Strange fileserver crashes

From: Grant Schoep
Date: Fri Oct 16 1998

Ok. This my summary to the strage fileserver chrashes that I had had a week
Thank all you who replied. Specifically:
Max Trummer
Don Cockman
Frank Smith
Eugene Kramer
Earl R. Cooke Rik Schneider
Andrew Hoerter
Francis Liu
Robert Rose
Reto Lichtensteiger
Steve Turgeon
Jeffery Keyser
Gary Franczyk
Kevin Inscoe
Gwendolynn ferch Elydyr
Asim Zuberi
AL Hopper
Bismark Espinoze
Whew, what a list, hope I didn't miss anyone.

Orig. help question.
>I have had the strangest crashes on my fileserver. Its a SS20, with dual
>75 mhz cpus. It has 18 SCSI drives on it, and 2 scsi cards. Its a very
>important system, that is crashing almost everyday, and its driving me
>crazy! Its running Solaris 2.5, its a NIS+ server and our main file server.
>Its crashes happen at many differnt times of the day, but has only
>happened when people are actually working( no 2am crashes.) It doesn't log
>anything strange in the /var/adm/messages. Its files systems are NOT
>filling up.
>Basically what happens, is that every machine loses contact with it,
>I can still sit down at it and log in. Sitting at the machine, everything
>seems fine. Except I can't get out on the network at all. I monitor the
>server's port on its switch, but there doesn't seem to be any errors going
>over the network. And other machines that don't rely on the file server(NT
>machines) all can communicate just fine with each other. A reboot of the
>machine, brings everything back to life as normal. Untill maybe 20-40 hours
>later, and then it goes into this state again.
>So it seems like the the culprit is the server itself, maybe its network
>interface, or a driver. Has anyone seen anything like this before? Is
>there a way I can try to reset the network card itself, bring it down then
>bring it back up?
>The only thing on the network that has really changed is that we added
>another router connecting us to our other offices. I would think maybe its
>a router problem, but it works just fine for a few days, and then the
>machine dies. I would have thought if its a router problem, that the
>machine wouldn't work all the time. Not just at random times.
>Thanks in advance for your help. I'll summarize.

I never really got my problem solved. But at least the machine is crashing
differently now. Doh. Heres what I did.
I found that I couldn't ping or connect to anything whatsover. It seemed my
network card, or port was bad. The switch I was connected to was just fine.
I tried switching from a 3com 3300 to a 3com 1000 and it was still crashed.
I started to log a number of important things. I noticed that the netstat
-r routing tables would forget about all the routers I have in our network.
I tried setting a default router, but that did not help.
        Finally, I have gotten the machine to run, and not crash like it did
before. The bad part was, I made two big changes, so I really don't know
which one it was. I switch from the built int ethernet port, to an
transceiver off of a AUI port.

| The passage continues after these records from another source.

(* For each notion of guarding $\mathfrak{g}$ and $\sigma$-structures $\mathcal{A}, \mathcal{B}$, there is a bijective correspondence between (1) coKleisli morphisms, i.e. $\sigma$-homomorphisms, $\mathbb{G}^{\mathfrak{g}} \mathcal{A} \to \mathcal{B}$, and (2) winning strategies for Duplicator in the $\mathfrak{g}$-guarded simulation game from $\mathcal{A}$ to $\mathcal{B}$. Thus $\mathcal{A} \preceq^{\mathfrak{g}} \mathcal{B}$ iff there is a homomorphism $\mathbb{G}^{\mathfrak{g}} \mathcal{A} \to \mathcal{B}$.
   Context: A notion of guarding $\mathfrak{g}$ is atom, loose, or clique guarding; a subset of a $\sigma$-structure is $\mathfrak{g}$-guarded if contained in the support of a tuple satisfying a $\mathfrak{g}$-guard. $\mathbb{G}^{\mathfrak{g}}\mathcal{A}$ is the $\sigma$-structure whose universe consists of equivalence classes $[p,a]$ of focussed plays $\langle p,a\rangle$, where $p=[U_1,\ldots,U_n]$ is a non-empty list of $\mathfrak{g}$-guarded sets of $\mathcal{A}$ and $a \in U_n = \lambda(p)$; $\langle p,a\rangle \sim \langle q,a'\rangle$ iff $a=a'$, the greatest common prefix $p\sqcap q$ is non-empty, and $a$ lies in the last element of every play on the prefix-order paths from $p \sqcap q$ to $p$ and to $q$. Relations: $R^{\mathbb{G}\mathcal{A}} = \{([p,a_1],\ldots,[p,a_r]) \mid R^{\mathcal{A}}(a_1,\ldots,a_r)\}$. The $\mathfrak{g}$-guarded simulation game from $\mathcal{A}$ to $\mathcal{B}$: set $X_0 = \varnothing$, $\varphi_0 = \varnothing$; in round $n+1$ Spoiler picks a $\mathfrak{g}$-guarded set $X_{n+1}$ in $\mathcal{A}$, and Duplicator must respond with a $\mathfrak{g}$-guarded set $Y_{n+1}$ in $\mathcal{B}$ and a partial homomorphism $\varphi_{n+1} : X_{n+1} \to Y_{n+1}$ agreeing with $\varphi_n$ on $X_{n+1}\cap X_n$. Duplicator wins if he can always respond. $\mathcal{A} \preceq^{\mathfrak{g}} \mathcal{B}$ means Duplicator has a winning strategy. *)

From Stdlib Require Import List.
Import ListNotations.
Set Implicit Arguments.

Record signature := Signature { sym : Type; ar : sym -> nat }.

Record structure (S : signature) := Structure {
  carrier :> Type;
  rel : sym S -> list carrier -> Prop;
  rel_ar : forall s t, rel s t -> length t = ar S s }.
Arguments rel {S} _ _ _.

Definition hom (S : signature) (M N : structure S) : Type :=
  { f : M -> N | forall s t, rel M s t -> rel N s (map f t) }.

Inductive guarding := AtomG | LooseG | CliqueG.

(* a tuple satisfying an atom (a relation atom, or an equality atom x = x) *)
Definition atom_tuple (S : signature) (M : structure S) (t : list M) : Prop :=
  (exists s, rel M s t) \/ (exists a, t = [a; a]).

Definition pairs_covered (T : Type) (a : list T) (ts : list (list T)) : Prop :=
  forall x y, In x a -> In y a -> exists t, In t ts /\ In x t /\ In y t.
Lemma tropical_basisE B : tropical_basis M q B <-> peak_basis peak B.
Proof.
split=> [[cardB [phi [_ [phiB phi_min]]]]|basisB].
  by apply: (peak_basis_of_section cardB phiB) => i; apply/peakE/tropical_min_iff.
have [cardB _] := basisB; have [f [peakf BE]] := peak_basis_section basisB.
split=> //; exists f; split; first exact: can_inj peakf.
split=> i; first by rewrite BE imset_f ?in_setT.
by apply/tropical_min_iff; rewrite peak_section_diag.
Qed.

Lemma peak_section_row B (f : 'I_n -> lhcol n) x i :
  (forall i, peak (f i) = i) -> B = f @: setT -> supported B x ->
  \sum_k N i (f k) * (u (f k) * x (f k)) = Aapply M x i / q i.
Proof.
by move=> peakf BE sx; rewrite Nnorm_sum (Aapply_section _ (can_inj peakf) BE sx).
Qed.

Lemma peak_basis_kernel B x : peak_basis peak B -> supported B x ->
  (forall i, Aapply M x i = 0) -> forall c, x c = 0.
Proof.
move=> basisB sx Ax c; have [f [peakf BE]] := peak_basis_section basisB.
have y0 k : u (f k) * x (f k) = 0.
  move: k; apply: (dd_kernel (A := fun i k => N i (f k))) => [i k|i|i|i].
  - exact: Nnorm_ge0.
  - exact: peak_section_diag.
  - exact: peak_section_offdiag.
  - by rewrite (peak_section_row _ peakf BE sx) Ax mul0r.
case: (boolP (c \in B)) => [|/sx //]; rewrite BE => /imsetP[k _ ->].
by apply/eqP; rewrite -(mulrI_eq0 _ (lregP (lt0r_neq0 (colmax_gt0 (f k))))) y0.
Qed.

Lemma peak_basis_solution_ge0 B x : peak_basis peak B -> supported B x ->
  (forall i, Aapply M x i = q i) -> forall c, 0 <= x c.
Proof.
move=> basisB sx Ax c; have [f [peakf BE]] := peak_basis_section basisB.
have y_ge0 k : 0 <= u (f k) * x (f k).
  move: k; apply: (dd_solution_ge0 (A := fun i k => N i (f k))) => [i k|i|i|i].
  - exact: Nnorm_ge0.
  - exact: peak_section_diag.
  - exact: peak_section_offdiag.
  - by rewrite (peak_section_row _ peakf BE sx) Ax divff // gt_eqF ?q_gt0.
case: (boolP (c \in B)) => [|/sx -> //]; rewrite BE => /imsetP[k _ ->].
by move: (y_ge0 k); rewrite pmulr_rge0 ?colmax_gt0.
Qed.

Lemma peak_basis_solvable B : peak_basis peak B ->
  exists x, supported B x /\ forall i, Aapply M x i = q i.
Proof.
move=> basisB; have [f [peakf BE]] := peak_basis_section basisB.
pose F : 'M[R]_n := \matrix_(k, i) Acl M i (f k).
pose xof (w : 'rV[R]_n) c := if c \in B then w 0 (peak c) else 0.
have xof_supp w : supported B (xof w) by move=> c /negbTE cB; rewrite /xof cB.
have xof_f w k : xof w (f k) = w 0 k by rewrite /xof BE imset_f ?in_setT // peakf.
have Axof w i : Aapply M (xof w) i = (w *m F) 0 i.
  rewrite (Aapply_section _ (can_inj peakf) BE (xof_supp w)) mxE.
  by apply: eq_bigr => k _; rewrite xof_f mxE mulrC.
have unitF : F \in unitmx.
  rewrite unitmxE unitfE; apply/negP => /det0P[v v_neq0 vF0].
  have Av0 i : Aapply M (xof v) i = 0 by rewrite Axof vF0 mxE.
  have x0 := peak_basis_kernel basisB (xof_supp v) Av0.
  by move/eqP: v_neq0; apply; apply/rowP => k; rewrite mxE -xof_f x0.
exists (xof ((\row_i q i) *m invmx F)); split=> // i.
by rewrite Axof -mulmxA mulVmx // mulmx1 mxE.
Qed.

Lemma peak_fiber_le1 (y : lhcol n -> R) r : (forall c, 0 <= y c) ->
  \sum_c N r c * y c = 1 -> \sum_(c | peak c == r) y c <= 1.
Proof.
move=> y_ge0 row; rewrite -row [X in _ <= X](bigID (fun c => peak c == r)) /=.
rewrite -[X in X <= _]addr0.
apply: lerD; last by apply: sumr_ge0 => c _; rewrite mulr_ge0 ?Nnorm_ge0.
by apply: ler_sum => c /eqP <-; rewrite peak_Nnorm mul1r.
Qed.
Lemma Re_nonneg_closed_disk q r : 0 < r < 1 -> (forall z, in_disk z -> Ccontinuous q z) ->
  (forall z, Cmod z < r -> 0 < Re (q z)) -> forall z, Cmod z <= r -> 0 <= Re (q z).
Proof.
  intros Hr Hc Hpos z Hz.
  destruct (Rle_lt_or_eq_dec _ _ Hz) as [Hlt | Heq]; [left; apply Hpos, Hlt|].
  apply Rnot_lt_le. intros Hneg.
  destruct (Ccontinuous_Re_near q z (- Re (q z)) (Hc z ltac:(unfold in_disk; lra)) ltac:(lra))
    as [del [Hdel K]].
  set (eta := Rmin (1/2) (del / (2 * r))).
  assert (Heta : 0 < eta) by (apply Rmin_pos; [lra | apply Rdiv_lt_0_compat; lra]).
  assert (Heta1 : eta <= 1/2) by apply Rmin_l.
  assert (Heta2 : eta * r <= del / 2).
  { assert (eta <= del / (2 * r)) by apply Rmin_r.
    apply (Rmult_le_compat_r r) in H; [|lra].
    replace (del / (2 * r) * r) with (del / 2) in H by (field; lra). exact H. }
  set (u := (RtoC (1 - eta) * z)%C).
  assert (Hu : Cmod (u - z)%C < del).
  { unfold u. replace (RtoC (1 - eta) * z - z)%C with (RtoC (- eta) * z)%C by cring.
    rewrite Cmod_RtoC_mult, Rabs_left, Heq by lra. lra. }
  specialize (K u Hu). apply Rabs_lt_between in K.
  assert (Cmod u < r) by (unfold u; rewrite Cmod_RtoC_mult, Rabs_pos_eq, Heq by lra; nra).
  specialize (Hpos u H). lra.
Qed.

Lemma Re_pos_closed_disk_extends (q : C -> C) (r0 : R) : 0 <= r0 < 1 ->
  (forall z, in_disk z -> Ccontinuous q z) ->
  (forall z, Cmod z <= r0 -> 0 < Re (q z)) ->
  exists d, 0 < d /\ forall z, Cmod z < r0 + d -> in_disk z -> 0 < Re (q z).
Proof.
  intros Hr Hc Hpos.
  (* Lebesgue-number argument on [-1, 1]^2 for a gauge that is a radius of
     positivity of [Re q] inside the closed disk and a quarter of the distance
     to the disk outside. *)
  assert (Ex : forall p : C, exists del : posreal,
     (Cmod p <= r0 -> forall w, Cmod (w - p)%C < 2 * del -> 0 < Re (q w)) /\
     (r0 < Cmod p -> 4 * del = Cmod p - r0)).
  { intros [u v]. destruct (Rle_lt_dec (Cmod (u, v)) r0) as [H|H].
    - destruct (Ccontinuous_Re_near q (u, v) (Re (q (u, v))) (Hc (u, v) ltac:(unfold in_disk; lra))
                  (Hpos (u, v) H)) as [del [Hd K]].
      exists (mkposreal (del / 2) ltac:(lra)). simpl. split; [|lra].
      intros _ w Hw. specialize (K w ltac:(lra)). apply Rabs_lt_between in K. lra.
    - exists (mkposreal ((Cmod (u, v) - r0) / 4) ltac:(lra)). simpl. split; [lra | intros; field]. }
  destruct (functional_choice _ Ex) as [gauge Hgauge].
  destruct (compactness_value_2d (-1) 1 (-1) 1 (fun u v => gauge (u, v))) as [d Hd].
  exists (d / 2). split; [apply Rdiv_lt_0_compat; [apply cond_pos | lra]|].
  intros z Hz1 Hz2.
  destruct (Rlt_dec 0 (Re (q z))) as [P|NP]; [exact P|]. exfalso.
  pose proof (Rmax_Cmod z) as Hmax. unfold in_disk in Hz2.
  pose proof (Rmax_l (Rabs (fst z)) (Rabs (snd z))). pose proof (Rmax_r (Rabs (fst z)) (Rabs (snd z))).
  apply (Hd (fst z) (snd z)); [apply Rabs_le_between; lra | apply Rabs_le_between; lra|].
  intros [u [v [_ [_ [H1 [H2 H3]]]]]].
  pose proof (Cmod_le_Rabs_sum (z - (u, v))%C) as Hm. simpl in Hm.
  destruct (Hgauge (u, v)) as [D1 D2].
  destruct (Rle_lt_dec (Cmod (u, v)) r0) as [Hin|Hout].
  - apply NP, (D1 Hin). unfold Rminus in *. lra.
  - specialize (D2 Hout). pose proof (Cmod_reverse_triangle (u, v) z) as Ht.
    rewrite Cmod_minus_sym in Ht. pose proof (cond_pos d). unfold Rminus in *. lra.
Qed.

(* The supremum [r0] of the radii [r] such that [Re q > 0] on the open disk of
   radius [r] is reached by a zero of [Re q] on the circle [|z| = r0]. *)
Lemma Re_first_zero q w0 :
  (forall z, in_disk z -> Ccontinuous q z) -> 0 < Re (q 0%C) -> in_disk w0 -> Re (q w0) <= 0 ->
  exists z0, 0 < Cmod z0 < 1 /\ Re (q z0) = 0 /\ forall w, Cmod w <= Cmod z0 -> 0 <= Re (q w).
Proof.
  intros Hc Hq0 Hw0 Hqw0. unfold in_disk in Hw0.
  set (R0 := Cmod w0).
  destruct (Ccontinuous_Re_near q 0%C (Re (q 0%C)) (Hc _ in_disk_0) Hq0) as [rho [Hrho Krho]].
  assert (Hnear0 : forall z, Cmod z < rho -> 0 < Re (q z)).
  { intros z Hz. rewrite <- (Cminus_0_r z) in Hz. specialize (Krho z Hz).
    apply Rabs_lt_between in Krho. lra. }
  assert (HR0 : rho <= R0) by (apply Rnot_lt_le; intro H; specialize (Hnear0 w0 H); lra).
  set (B := fun r => 0 <= r <= R0 /\ forall z, Cmod z < r -> 0 < Re (q z)).
  destruct (completeness B) as [r0 [Hub Hlub]].
  { exists R0. intros r [Hr _]. lra. }
  { exists 0. split; [pose proof (Cmod_ge_0 w0); unfold R0; lra | intros z Hz; pose proof (Cmod_ge_0 z); lra]. }
  assert (Hr0R : r0 <= R0) by (apply Hlub; intros r [Hr _]; lra).
  assert (Hr0 : rho / 2 <= r0) by (apply Hub; split; [lra | intros z Hz; apply Hnear0; lra]).
  assert (Hinside : forall z, Cmod z < r0 -> 0 < Re (q z)).
  { intros z Hz. destruct (classic (exists r, B r /\ Cmod z < r)) as [[r [[_ Hr] Hzr]] | NE].
    - apply Hr, Hzr.
    - exfalso. assert (r0 <= Cmod z); [|lra].
      apply Hlub. intros r Br. apply Rnot_lt_le. intro. apply NE. exists r; auto. }
  pose proof (Re_nonneg_closed_disk q r0 ltac:(unfold R0 in *; lra) Hc Hinside) as Hclosed.
  assert (Hzero : exists z0, Cmod z0 = r0 /\ Re (q z0) <= 0).
  { apply NNPP. intros NE.
    assert (Hpos : forall z, Cmod z <= r0 -> 0 < Re (q z)).
    { intros z Hz. destruct (Rle_lt_or_eq_dec _ _ Hz) as [Hl | He]; [apply Hinside, Hl|].
      apply Rnot_le_lt. intros Hle. apply NE. exists z. auto. }
    destruct (Re_pos_closed_disk_extends q r0 ltac:(unfold R0 in *; lra) Hc Hpos) as [d [Hd Kd]].
    destruct (Rle_lt_dec (r0 + d / 2) R0) as [Hle | Hlt].
    - assert (B (r0 + d / 2)) by (split; [lra | intros z Hz; apply Kd; unfold in_disk, R0 in *; lra]).
      specialize (Hub _ H). lra.
    - assert (0 < Re (q w0)) by (apply Kd; unfold in_disk, R0 in *; lra). lra. }
  destruct Hzero as [z0 [Hz0 Hqz0]].
  exists z0. rewrite Hz0. split; [unfold R0 in *; lra|].
  split; [apply Rle_antisym; [exact Hqz0 | apply Hclosed; lra] | exact Hclosed].
Qed.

I also laid down the law and told everyone
that if they logged on to do anything on the file server I would kill their
process. Well, the system ran stable for a week. And never crashed. Untill
today friday.
        It was a different crash. This time, instead of just losing conection. The
server went dead. Stop-a didn't even work. Nobody(I think) was logged into
it. It finally came back up, and it paniced 20 minutes later and crashed
        I basicalyl decided to call it quits with this machine, and tell the big
heads we gotta replace our aging file server. With 90% of our machines
faster and better than our file server, I see no reason to keep on using
it. Except that its gonna be an all nighter switching everything over.
        So thanks everyone for your help, I don't think I really solved the
problem. But I hopefully will with a whole new machine. If anyone has any
detailed questions as to some of the little things I did feel free to ask.
Nothing seemed to work on my end. And I got users up in arms hounding me to
just replace the damn machine. So thats what I will do.

Grant Schoep,
System/Network Administrator
L3 Communications Telemetry & Instrumentation
San Jose,CA (408)271-0800, Ext. 135